As some of you may or may not know from my other posts, I am a volunteer at an animal shelter. I started there in March and left for a while at the end of April, due to one my own kittens dying from FIP. It was never determined if she had it already or I brought it home from the shelter..
Anyway, when I first started, I told the woman in charge of the cattery as well as the head volunteer about my skin condition. Basically, it's excema...It's very very very bad on the bottom of my feet and a lot of people get wigged out when they see them. I also have splotches of missing pigment all over my arms and legs, so I look like an appaloosa horse.

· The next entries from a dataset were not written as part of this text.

(* Let $h_6$ be the real two-photon Lie algebra. A Lie bialgebra structure $\delta$ on $h_6$ satisfies $\delta(A_+)=0$ if and only if there exist real numbers $a_1,a_3,a_4,a_5,b_3,c_1$ with $$a_1a_4+a_5c_1=0$$ such that $\delta(X)=[1\otimes X+X\otimes 1,\,r]$ for all $X\in h_6$, where $$r=a_1\,N\wedge A_++a_3\,A_+\wedge M+a_4\,B_+\wedge M+a_5\,A_+\wedge B_++b_3\,A_-\wedge M+c_1\,(N\wedge M-A_+\wedge A_-).$$ Explicitly, $\delta(A_+)=\delta(M)=0$ and $\delta(N)=a_1N\wedge A_++a_3A_+\wedge M+2a_4B_+\wedge M+3a_5A_+\wedge B_+-b_3A_-\wedge M$, $\delta(A_-)=a_1(N\wedge M-A_+\wedge A_-)+2a_4A_+\wedge M-a_5B_+\wedge M+2c_1A_-\wedge M$, $\delta(B_+)=2a_1A_+\wedge B_+-2b_3A_+\wedge M-2c_1B_+\wedge M$, $\delta(B_-)=2a_1(N\wedge A_--A_+\wedge B_-)+2a_3A_-\wedge M+4a_4N\wedge M-2a_5(2N\wedge A_+-A_-\wedge B_+-A_+\wedge M)+2c_1B_-\wedge M$. Moreover, $r$ satisfies the classical Yang–Baxter equation $[[r,r]]=0$ (non-standard case) if and only if $a_1b_3-c_1^2=0$, and otherwise it is standard.
   Context: The two-photon Lie algebra $h_6$ is the real Lie algebra with basis $\{N,A_+,A_-,B_+,B_-,M\}$ and brackets $[N,A_+]=A_+$, $[N,A_-]=-A_-$, $[A_-,A_+]=M$, $[N,B_+]=2B_+$, $[N,B_-]=-2B_-$, $[B_-,B_+]=4N+2M$, $[A_+,B_-]=-2A_-$, $[A_+,B_+]=0$, $[A_-,B_+]=2A_+$, $[A_-,B_-]=0$, and $M$ central. A Lie bialgebra structure on a Lie algebra $g$ is a linear map $\delta:g\to g\otimes g$ which is a 1-cocycle, i.e. $\delta([X,Y])=[\delta(X),1\otimes Y+Y\otimes 1]+[1\otimes X+X\otimes 1,\delta(Y)]$, and whose dual map $g^*\otimes g^*\to g^*$ is a Lie bracket. For $r=\sum r^{ij}X_i\otimes X_j\in g\wedge g$, the Schouten bracket is $[[r,r]]=[r_{12},r_{13}]+[r_{12},r_{23}]+[r_{13},r_{23}]$ with $r_{12}=\sum r^{ij}X_i\otimes X_j\otimes 1$, $r_{13}=\sum r^{ij}X_i\otimes 1\otimes X_j$, $r_{23}=\sum r^{ij}1\otimes X_i\otimes X_j$. Here $X\wedge Y=X\otimes Y-Y\otimes X$. *)

(* The real Lie algebra h6 is modelled on row vectors 'rV[R]_6
   over an arbitrary real field R (coordinates in the basis N,A+,A-,B+,B-,M),
   g (x) g as 6x6 matrices (entry (i,j) = coefficient of X_i (x) X_j),
   g (x) g (x) g as functions 'I_6 -> 'I_6 -> 'I_6 -> R. *)
From HB Require Import structures.
From mathcomp Require Import all_boot all_order all_algebra.
Set Implicit Arguments. Unset Strict Implicit. Unset Printing Implicit Defensive.
Import Order.TTheory GRing.Theory Num.Theory.
Local Open Scope ring_scope.

Section H6.
Variable R : realFieldType.

Definition g := 'rV[R]_6.
Definition gg := 'M[R]_6.

Definition iN  : 'I_6 := @Ordinal 6 0 isT.
Definition iAp : 'I_6 := @Ordinal 6 1 isT.
Definition iAm : 'I_6 := @Ordinal 6 2 isT.
Definition iBp : 'I_6 := @Ordinal 6 3 isT.
Definition iBm : 'I_6 := @Ordinal 6 4 isT.
Definition iM  : 'I_6 := @Ordinal 6 5 isT.

Definition e (k : 'I_6) : g := delta_mx 0 k.
Definition N  := e iN.
Definition Ap := e iAp.
Definition Am := e iAm.
Definition Bp := e iBp.
Definition Bm := e iBm.
Definition M  := e iM.

Definition brb (i j : 'I_6) : g :=
  match nat_of_ord i, nat_of_ord j with
  | 0, 1 => Ap | 1, 0 => - Ap
  | 0, 2 => - Am | 2, 0 => Am
  | 2, 1 => M | 1, 2 => - M
  | 0, 3 => 2%:R *: Bp | 3, 0 => - (2%:R *: Bp)
  | 0, 4 => - (2%:R *: Bm) | 4, 0 => 2%:R *: Bm
  | 4, 3 => 4%:R *: N + 2%:R *: M | 3, 4 => - (4%:R *: N + 2%:R *: M)
  | 1, 4 => - (2%:R *: Am) | 4, 1 => 2%:R *: Am
  | 2, 3 => 2%:R *: Ap | 3, 2 => - (2%:R *: Ap)
  | _, _ => 0
  end.

Definition c (i j k : 'I_6) : R := brb i j 0 k.

Definition bracket (x y : g) : g :=
  \sum_(i < 6) \sum_(j < 6) (x 0 i * y 0 j) *: brb i j.

Definition adm (x : g) (i k : 'I_6) : R := \sum_(m < 6) x 0 m * c m i k.

(* [1 (x) X + X (x) 1, t] = (ad_X (x) 1 + 1 (x) ad_X) t on g (x) g *)
Definition act2 (x : g) (t : gg) : gg :=
  \matrix_(a, b) (\sum_(i < 6) adm x i a * t i b + \sum_(j < 6) t a j * adm x j b).

Definition act3 (x : g) (T : 'I_6 -> 'I_6 -> 'I_6 -> R) : 'I_6 -> 'I_6 -> 'I_6 -> R :=
  fun a b d => \sum_(i < 6) adm x i a * T i b d + \sum_(i < 6) adm x i b * T a i d
             + \sum_(i < 6) adm x i d * T a b i.

Definition wedge (u v : g) : gg := u^T *m v - v^T *m u.

Definition cocycle (delta : g -> gg) : Prop :=
  forall x y : g, delta (bracket x y) = act2 x (delta y) - act2 y (delta x).

(* dual map g* (x) g* -> g*, functionals encoded as coordinate row vectors
   in the dual basis: (dualbr f h)(X_i) = (f (x) h)(delta X_i) *)
Definition dualbr (delta : g -> gg) (f h : g) : g :=
  \row_i (\sum_(j < 6) \sum_(k < 6) f 0 j * h 0 k * delta (e i) j k).

(* the dual map is a Lie bracket (it is bilinear by construction) *)
Definition dual_is_Lie (delta : g -> gg) : Prop :=
  (forall f h : g, dualbr delta f h = - dualbr delta h f) /\
  (forall f h k : g, dualbr delta (dualbr delta f h) k + dualbr delta (dualbr delta h k) f
                     + dualbr delta (dualbr delta k f) h = 0).

Definition lie_bialgebra (delta : {linear g -> gg}) : Prop :=
  cocycle delta /\ dual_is_Lie delta.

(* Schouten bracket [[r,r]] = [r12,r13] + [r12,r23] + [r13,r23] *)
Definition schouten (r : gg) : 'I_6 -> 'I_6 -> 'I_6 -> R :=
  fun a b d =>
    \sum_(i < 6) \sum_(k < 6) r i b * r k d * c i k a
  + \sum_(j < 6) \sum_(k < 6) r a j * r k d * c j k b
  + \sum_(j < 6) \sum_(l < 6) r a j * r b l * c j l d.

Definition cybe (r : gg) : Prop := forall a b d, schouten r a b d = 0.

Definition standard (r : gg) : Prop :=
  ~ cybe r /\ forall (x : g) a b d, act3 x (schouten r) a b d = 0.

It was a very hard thing for me to come to terms with because it drastically effects my appearance and for the first year it was a major blow to my self-esteem. I told them what it was right away so they wouldn't be alarmed.
So I've now been back there 2 weeks and out of the blue, my boss takes me aside and says there were several complaints about me from other volunteers as well as staff members, and one volunteer doesn't want to work on the same days as me at all because I look 'dirty'. As the shelter is indoor and outdoors, my skin does get exposed to the elements and parts of me tan but the splotches don't ,so my arms and legs do look obviously different. I also don't wear my best clothes there either. So people assumed that I was just a dirty, unkempt woman who doesn't care about her appearance. I was floored. I told the boss that all this time I was happily working away, oblivious to all the backstabbing. She said everyone was afraid to aproach me to ask me about it. I told her I would much rather them take a closer look at me than assume from a distance that I'm a dirty person. As an example, I walked over the the sink, took a scrubber and rubbed it up and down my arms. I said 'Do you see that? It looks exactly the same as it did before and IT DOESN'T WASH OFF BECAUSE IT'S NOT dirt! She was actually embarrassed to be in that situation where she had to ask me why my feet looked freaky and my skin looks the way it does. How do you think it made me feel? I had already explained what it was months ago, and now I find out that people are avoiding me because of the way I look.
It is a major setback to my self-esteem. I don't go out in public much because of it, and an animal shelter was the last place I expected to be judged. The cats don't seem to mind , after all.